• [Work to be completed]:
Print the lines of the data, starting with the first, up to and including the line where "rp_root : W r;" appears.

***** Source data *****

Lemma graph_normal_weak_normal : weak_normal_tree (graph_fam E) VT ET r.
Proof.
  split; [exact HT|]. split.
  - intros C HC u v Cu Cv Vu Vv _.
    destruct (HC u v Cu Cv) as [F [[_ HF] [FC [Fu Fv]]]].
    destruct (HF u v Fu Fv) as [l [P Pl]].
    destruct l as [|x l]; [destruct P; discriminate|].
    assert (x = u) as -> by (destruct P as [P _]; injection P; auto).
    destruct (graph_path_tle_least u l) as [w [Iw [Vw Hw]]]; try apply P; auto.
    exists w. split; [apply FC, Pl, Iw|].
    split; apply Hw; auto; [left; auto|eapply path_In_last; eauto].
  - intros u v Huv. exists (tinterval u v). split; [apply tinterval_conn; auto|].
    split; [split; auto; apply (tle_refl HT); eapply tle_l; eauto|].
    split; [split; auto; apply (tle_refl HT); eapply tle_r; eauto|].
    intros x [H1 _] [H2 H3]. apply H3. eapply (tle_antisym HT); eauto.
Qed.

Lemma graph_normal_normal : normal_tree (graph_fam E) VT ET r.
Proof.
  split; [apply graph_normal_weak_normal|]. intros R [_ [HR_edge HR_inj]].
  exists (fun z => exists n, R n = z). split.
  - apply ray_necklace; auto.
  - exists 0. intros n _. eauto.
Qed.

End GraphNormalTree.

(** * Trees given by parent functions *)

(* A tree on [W] given by a parent function [p]; the depth [d] makes it well founded. *)
Record rooted_parent_fn {X : Type} (W : X -> Prop) (p : X -> X) (d : X -> nat) (r : X)
  : Prop := {
  rp_root : W r;
  rp_depth_root : d r = 0;
  rp_parent : forall x, W x -> x <> r -> W (p x) /\ S (d (p x)) = d x;
  rp_depth_zero : forall x, W x -> d x = 0 -> x = r }.

Definition ancestor {X : Type} (W : X -> Prop) (p : X -> X) (d : X -> nat) (a x : X) : Prop :=
  W x /\ exists k, k <= d x /\ Nat.iter k p x = a.

Definition parent_edge {X : Type} (W : X -> Prop) (p : X -> X) (r x y : X) : Prop :=
  W x /\ W y /\ ((x <> r /\ p x = y) \/ (y <> r /\ p y = x)).

Lemma parent_edge_sym {X : Type} (W : X -> Prop) p (r x y : X) :
  parent_edge W p r x y -> parent_edge W p r y x.
Proof. intros [a [b c]]. split; auto. split; auto. tauto. Qed.

Section ParentTree.
Context {X : Type} {W : X -> Prop} {p : X -> X} {d : X -> nat} {r : X}.
Hypothesis HP : rooted_parent_fn W p d r.

Lemma iter_parent x k : W x -> k <= d x ->
  W (Nat.iter k p x) /\ d (Nat.iter k p x) = d x - k.
Proof.
  intros Wx. induction k as [|k IH]; intros Hk.
  - simpl. split; auto. lia.
  - destruct IH as [W1 D1]; [lia|]. rewrite Nat.iter_succ.
    assert (Nat.iter k p x <> r) by (intros E; rewrite E, (rp_depth_root _ _ _ _ HP) in D1; lia).
    destruct (rp_parent _ _ _ _ HP _ W1 H) as [W2 D2]. split; auto. lia.
Qed.

Lemma ancestor_W a x : ancestor W p d a x -> W a.
Proof. intros [Wx [k [Hk <-]]]. apply iter_parent; auto. Qed.

Lemma ancestor_refl x : W x -> ancestor W p d x x.
Proof. intros Wx. split; auto. exists 0; split; [lia|reflexivity]. Qed.

Lemma ancestor_depth a x : ancestor W p d a x -> d a <= d x /\ (d a = d x -> a = x).
Proof.
  intros [Wx [k [Hk <-]]]. destruct (iter_parent x k Wx Hk) as [_ ->]. split; [lia|].
  intros. assert (k = 0) as -> by lia. reflexivity.
Qed.

Lemma ancestor_trans a b c : ancestor W p d a b -> ancestor W p d b c -> ancestor W p d a c.
Proof.
  intros [Wb [k1 [H1 E1]]] [Wc [k2 [H2 <-]]]. split; auto. exists (k1 + k2).
  destruct (iter_parent c k2 Wc H2) as [_ D]. split; [lia|]. rewrite Nat.iter_add. auto.
Qed.

Lemma ancestor_parent a x : ancestor W p d a x -> x <> a -> x <> r /\ ancestor W p d a (p x).
Proof.
  intros [Wx [[|k] [Hk E]]] Hne; [simpl in E; congruence|].
  assert (x <> r) by (intros ->; rewrite (rp_depth_root _ _ _ _ HP) in Hk; lia).
  split; auto. destruct (rp_parent _ _ _ _ HP x Wx H) as [W1 D1].
  split; auto. exists k. split; [lia|]. rewrite <- Nat.iter_succ_r. exact E.
Qed.

Lemma ancestor_child a x c : ancestor W p d a x -> W c -> c <> r -> p c = x ->
  ancestor W p d a c.
Proof.
  intros [Wx [k [Hk E]]] Wc Hc Hpc. destruct (rp_parent _ _ _ _ HP c Wc Hc) as [_ D].
  rewrite Hpc in D. split; auto. exists (S k). split; [lia|].
  rewrite Nat.iter_succ_r, Hpc. exact E.
Qed.

Lemma not_ancestor_parent a : W a -> a <> r -> ~ ancestor W p d a (p a).
Proof.
  intros Wa Ha H. apply ancestor_depth in H as [H _].
  destruct (rp_parent _ _ _ _ HP a Wa Ha). lia.
Qed.

Lemma parent_edge_into_subtree a u v : parent_edge W p r u v ->
  ancestor W p d a v -> ~ ancestor W p d a u -> v = a /\ u = p a /\ a <> r.
Proof.
  intros [Wu [Wv [[Hu Hpu]|[Hv Hpv]]]] Av Au.
  - exfalso. apply Au. eapply ancestor_child; eauto.
  - destruct (classic (v = a)) as [->|Hne]; [auto|].
    exfalso. apply Au. rewrite <- Hpv. apply ancestor_parent; auto.
Qed.

Lemma parent_path_first_step x a b y l1 l2 :
  path_of (parent_edge W p r) x y (x :: a :: l1) ->
  path_of (parent_edge W p r) x y (x :: b :: l2) -> a <> r -> p a = x -> a = b.
Proof.
  intros [_ [L1 [C1 N1]]] [_ [L2 [C2 N2]]] Ha Hpa.
  assert (Wa : W a) by (destruct C1 as [[_ [Wa _]] _]; exact Wa).
  assert (Dy : ancestor W p d a y).
  { destruct (classic (ancestor W p d a y)) as [H|H]; auto. exfalso.
    destruct (chain_exit _ (ancestor W p d a) l1 a (proj2 C1) (ancestor_refl a Wa))
      as [m1 [v [u [m2 [Hm [Pv [Pu Rvu]]]]]]].
    { exists y. split; auto. destruct l1 as [|c l1].
      - simpl in L1. subst y. exfalso. apply H, ancestor_refl; auto.
      - rewrite <- L1, !last_cons_cons. apply In_last. discriminate. }
    destruct (parent_edge_into_subtree a u v (parent_edge_sym _ _ _ _ _ Rvu) Pv Pu)
      as [_ [Hu _]].
    inversion N1 as [|? ? Hx _]; subst. apply Hx.
    rewrite Hm. apply in_or_app. right; right; left; reflexivity. }
  destruct (classic (a = b)) as [|Hab]; auto. exfalso.
  assert (Nx : ~ ancestor W p d a x) by (rewrite <- Hpa; apply not_ancestor_parent; auto).
  destruct (chain_exit _ (fun z => ~ ancestor W p d a z) (b :: l2) x C2 Nx)
    as [m1 [v [u [m2 [Hm [Pv [Pu Rvu]]]]]]].
  { exists y. split; [|tauto]. rewrite <- L2, last_cons_cons. apply In_last. discriminate. }
  apply NNPP in Pu. destruct (parent_edge_into_subtree a v u Rvu Pu Pv) as [Hu [Hv _]].
  destruct m1 as [|c m1]; simpl in Hm; injection Hm as Hc Hm; [congruence|].
  inversion N2 as [|? ? Hx _]; subst. apply Hx.
  rewrite Hm. apply in_or_app. right; left; reflexivity.
Qed.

*****

• [Exercise output]:
Lemma graph_normal_weak_normal : weak_normal_tree (graph_fam E) VT ET r.
Proof.
  split; [exact HT|]. split.
  - intros C HC u v Cu Cv Vu Vv _.
    destruct (HC u v Cu Cv) as [F [[_ HF] [FC [Fu Fv]]]].
    destruct (HF u v Fu Fv) as [l [P Pl]].
    destruct l as [|x l]; [destruct P; discriminate|].
    assert (x = u) as -> by (destruct P as [P _]; injection P; auto).
    destruct (graph_path_tle_least u l) as [w [Iw [Vw Hw]]]; try apply P; auto.
    exists w. split; [apply FC, Pl, Iw|].
    split; apply Hw; auto; [left; auto|eapply path_In_last; eauto].
  - intros u v Huv. exists (tinterval u v). split; [apply tinterval_conn; auto|].
    split; [split; auto; apply (tle_refl HT); eapply tle_l; eauto|].
    split; [split; auto; apply (tle_refl HT); eapply tle_r; eauto|].
    intros x [H1 _] [H2 H3]. apply H3. eapply (tle_antisym HT); eauto.
Qed.

Lemma graph_normal_normal : normal_tree (graph_fam E) VT ET r.
Proof.
  split; [apply graph_normal_weak_normal|]. intros R [_ [HR_edge HR_inj]].
  exists (fun z => exists n, R n = z). split.
  - apply ray_necklace; auto.
  - exists 0. intros n _. eauto.
Qed.

End GraphNormalTree.

(** * Trees given by parent functions *)

(* A tree on [W] given by a parent function [p]; the depth [d] makes it well founded. *)
Record rooted_parent_fn {X : Type} (W : X -> Prop) (p : X -> X) (d : X -> nat) (r : X)
  : Prop := {
  rp_root : W r;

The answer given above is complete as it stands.